| DIRECTIONS FOR THIS TASK |
What lines in the data below mention the string "ltac"? Copy them out.
# # #
(* Let $T$ be a rooted binary tree on $n$ leaves with minimal Colless index, i.e. $\mathcal{C}(T)=c_n$. Then $T$ has minimal Sackin index among all rooted binary trees with $n$ leaves.
   Context: A rooted binary tree with $n\geq 2$ leaves is a rooted tree whose root has degree 2 and all other internal nodes have degree 3; for $n=1$ it is a single node. For a node $u$ let $n_u$ be the number of leaves of the subtree rooted at $u$. For an internal node $v$ with children $v_1,v_2$, the Colless index is $\mathcal{C}(T)=\sum_v|n_{v_1}-n_{v_2}|$ over internal nodes $v$; $c_n$ is its minimum over rooted binary trees with $n$ leaves. The Sackin index is $\mathcal{S}(T)=\sum_{u}n_u$, the sum over all internal nodes $u$ of $T$. *)

From mathcomp Require Import all_boot.

(* Rooted binary trees: a single leaf, or a root with two (ordered) subtrees.
   The order of children is irrelevant for the Colless and Sackin indices. *)
Inductive tree : Type :=
| Leaf : tree
| Node : tree -> tree -> tree.

Fixpoint leaves (t : tree) : nat :=
  match t with
  | Leaf => 1
  | Node l r => leaves l + leaves r
  end.

Definition absdiff (a b : nat) : nat := (a - b) + (b - a).

Fixpoint colless (t : tree) : nat :=
  match t with
  | Leaf => 0
  | Node l r => absdiff (leaves l) (leaves r) + colless l + colless r
  end.

Fixpoint sackin (t : tree) : nat :=
  match t with
  | Leaf => 0
  | Node l r => leaves l + leaves r + sackin l + sackin r
  end.

Definition colless_minimal (t : tree) : Prop :=
  forall t' : tree, leaves t' = leaves t -> colless t <= colless t'.

Definition sackin_minimal (t : tree) : Prop :=
  forall t' : tree, leaves t' = leaves t -> sackin t <= sackin t'.

(* Every internal node contributes n_l + n_r = |n_l - n_r| + 2 min(n_l, n_r),
   so S = C + D, where D is the index with node weight 2 min(n_l, n_r).
   The maximally balanced tree B, which splits every subtree into halves,
   simultaneously minimises S and maximises D.  Hence a Colless-minimal T
   satisfies S(T) = C(T) + D(T) <= C(B) + D(B) = S(B), the minimum of S. *)

From mathcomp Require Import all_boot zify.

Fixpoint node_index (g : nat -> nat -> nat) (t : tree) : nat :=
  match t with
  | Leaf => 0
  | Node l r => g (leaves l) (leaves r) + node_index g l + node_index g r
  end.

Fixpoint min_index (t : tree) : nat :=
  match t with
  | Leaf => 0
  | Node l r => 2 * minn (leaves l) (leaves r) + min_index l + min_index r
  end.

Lemma leaves_gt0 t : 0 < leaves t.
Proof. by elim: t => //= l Hl r Hr; rewrite addn_gt0 Hl. Qed.

Lemma sackinE t : sackin t = node_index addn t.
Proof. by elim: t => //= l -> r ->. Qed.

Lemma min_indexE t : min_index t = node_index (fun a b => 2 * minn a b) t.
Proof. by elim: t => //= l -> r ->. Qed.

Lemma sackin_colless_min_index t : sackin t = colless t + min_index t.
Proof. by elim: t => //= l -> r ->; rewrite /absdiff; lia. Qed.

(* [n] units of fuel suffice, since both halves of [n >= 2] are below [n]. *)
Fixpoint balanced_tree_rec (fuel n : nat) : tree :=
  if fuel is fuel'.+1 then
    if n <= 1 then Leaf
    else Node (balanced_tree_rec fuel' n./2) (balanced_tree_rec fuel' (uphalf n))
  else Leaf.

Definition balanced_tree (n : nat) : tree := balanced_tree_rec n n.

Lemma balanced_tree_recE fuel n : n <= fuel -> balanced_tree_rec fuel n = balanced_tree n.
Proof.
suff rec_fuel k k' m : m <= k -> m <= k' -> balanced_tree_rec k m = balanced_tree_rec k' m.
  by move=> le_n_fuel; apply: rec_fuel.
elim: k k' m => [|k IH] [|k'] [|[|m]] //= le_m_k le_m_k'.
by rewrite !(IH k') //; lia.
Qed.

Lemma balanced_treeE n : 1 < n ->
  balanced_tree n = Node (balanced_tree n./2) (balanced_tree (uphalf n)).
Proof.
case: n => [|n] // n_gt1; rewrite {1}/balanced_tree.
have -> : balanced_tree_rec n.+1 n.+1
    = Node (balanced_tree_rec n n.+1./2) (balanced_tree_rec n (uphalf n.+1)).
  by case: n n_gt1 => [|n].
by rewrite !balanced_tree_recE //; lia.
Qed.

Lemma leaves_balanced_tree n : 0 < n -> leaves (balanced_tree n) = n.
Proof.
elim/ltn_ind: n => n IH n_gt0.
have [n_le1|n_gt1] := leqP n 1; first by case: n n_le1 n_gt0 {IH} => [|[]].
by rewrite balanced_treeE //= !IH //; lia.
Qed.

Lemma node_index_balanced_tree g n : 1 < n ->
  node_index g (balanced_tree n) = g n./2 (uphalf n)
    + node_index g (balanced_tree n./2) + node_index g (balanced_tree (uphalf n)).
Proof. by move=> n_gt1; rewrite balanced_treeE //= !leaves_balanced_tree //; lia. Qed.

Lemma node_index_balanced_tree_split g a b : (forall x y, g x y = g y x) ->
  0 < a -> 0 < b -> a <= b.+1 -> b <= a.+1 ->
  node_index g (balanced_tree (a + b))
    = g a b + node_index g (balanced_tree a) + node_index g (balanced_tree b).
Proof.
move=> gC; wlog le_ab : a b / a <= b => [wlog|a_gt0 b_gt0 _ le_ba].
  have [|/ltnW le_ba] := leqP a b; first exact: wlog.
  by move=> *; rewrite addnC gC wlog // addnAC.
rewrite node_index_balanced_tree; last by lia.
by have [-> ->] : (a + b)./2 = a /\ uphalf (a + b) = b by lia.
Qed.

Lemma balanced_tree_split_indices a b : 0 < a -> 0 < b -> a <= b.+1 -> b <= a.+1 ->
  sackin (balanced_tree (a + b))
    = a + b + sackin (balanced_tree a) + sackin (balanced_tree b) /\
  min_index (balanced_tree (a + b))
    = 2 * minn a b + min_index (balanced_tree a) + min_index (balanced_tree b).
Proof.
by move=> *; rewrite !sackinE !min_indexE !node_index_balanced_tree_split // => *; lia.
Qed.

Lemma balanced_tree_indices_halves n : 1 < n ->
  sackin (balanced_tree n)
    = n + sackin (balanced_tree n./2) + sackin (balanced_tree (uphalf n)) /\
  min_index (balanced_tree n)
    = 2 * n./2 + min_index (balanced_tree n./2) + min_index (balanced_tree (uphalf n)).
Proof.
move=> n_gt1; rewrite !sackinE !min_indexE.
by rewrite !(node_index_balanced_tree _ _ n_gt1); split; lia.
Qed.

Lemma balanced_tree_node_bounds a b : 0 < a -> 0 < b ->
  sackin (balanced_tree (a + b))
    <= a + b + sackin (balanced_tree a) + sackin (balanced_tree b) /\
  2 * minn a b + min_index (balanced_tree a) + min_index (balanced_tree b)
    <= min_index (balanced_tree (a + b)).
Proof.
have [n] := ubnP (a + b); elim: n a b => // n IH a b ab_lt_n.
wlog le_ab : a b ab_lt_n / a <= b => [wlog|a_gt0 b_gt0].
  case/orP: (leq_total a b) => [le_ab|le_ba]; first exact: wlog.
  move=> a_gt0 b_gt0; rewrite [a + b]addnC in ab_lt_n *.
  have [Hs Hd] := wlog b a ab_lt_n le_ba b_gt0 a_gt0.
  by rewrite minnC; split; lia.
have [le_b_a1|gt_b_a1] := leqP b a.+1.
  by have [-> ->] := balanced_tree_split_indices a b a_gt0 b_gt0 (leqW le_ab) le_b_a1.
have [Sb Db] := balanced_tree_indices_halves b ltac:(lia).
have [a_eq1|a_gt1] : a = 1 \/ 1 < a by lia.
- (* [a] has no halves: the extra leaf joins the smaller half of [b]. *)
  subst a; have -> : 1 + b = (1 + b./2) + uphalf b by lia.
  have [-> ->] := balanced_tree_split_indices (1 + b./2) (uphalf b)
    ltac:(lia) ltac:(lia) ltac:(lia) ltac:(lia).
  have [IHs IHd] := IH 1 b./2 ltac:(lia) isT ltac:(lia).
  have [s1 d1] : sackin (balanced_tree 1) = 0 /\ min_index (balanced_tree 1) = 0 by [].
  by split; lia.
have [Sa Da] := balanced_tree_indices_halves a a_gt1.
(* Pairing the smaller half of [a] with the larger half of [b] yields two parts
   that differ by at most one, i.e. a balanced split of [a + b]. *)
have -> : a + b = (a./2 + uphalf b) + (uphalf a + b./2) by lia.
have [-> ->] := balanced_tree_split_indices (a./2 + uphalf b) (uphalf a + b./2)
  ltac:(lia) ltac:(lia) ltac:(lia) ltac:(lia).
have [IHs1 IHd1] := IH a./2 (uphalf b) ltac:(lia) ltac:(lia) ltac:(lia).
have [IHs2 IHd2] := IH (uphalf a) b./2 ltac:(lia) ltac:(lia) ltac:(lia).
by split; lia.
Qed.

Lemma balanced_tree_extremal t :
  sackin (balanced_tree (leaves t)) <= sackin t /\
  min_index t <= min_index (balanced_tree (leaves t)).
Proof.
elim: t => [|l [IHsl IHdl] r [IHsr IHdr]] //=.
have [Hs Hd] :=
  balanced_tree_node_bounds (leaves l) (leaves r) (leaves_gt0 l) (leaves_gt0 r).
by split; lia.
Qed.

Theorem proposition3 (n : nat) (T : tree) :
  leaves T = n -> colless_minimal T -> sackin_minimal T.
Proof.
move=> _ colless_min t' leaves_t'.
set B := balanced_tree (leaves T).
have leaves_B : leaves B = leaves T by rewrite leaves_balanced_tree ?leaves_gt0.
have [_ min_index_T] := balanced_tree_extremal T.
have [sackin_B _] := balanced_tree_extremal t'.
rewrite leaves_t' -/B in sackin_B.
apply: leq_trans sackin_B.
rewrite !sackin_colless_min_index.
exact: leq_add (colless_min B leaves_B) min_index_T.
Qed.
# # #
| COMPLETED TASK |
have [Sb Db] := balanced_tree_indices_halves b ltac:(lia).
    ltac:(lia) ltac:(lia) ltac:(lia) ltac:(lia).
  have [IHs IHd] := IH 1 b./2 ltac:(lia) isT ltac:(lia).
  ltac:(lia) ltac:(lia) ltac:(lia) ltac:(lia).
have [IHs1 IHd1] := IH a./2 (uphalf b) ltac:(lia) ltac:(lia) ltac:(lia).
have [IHs2 IHd2] := IH (uphalf a) b./2 ltac:(lia) ltac:(lia) ltac:(lia).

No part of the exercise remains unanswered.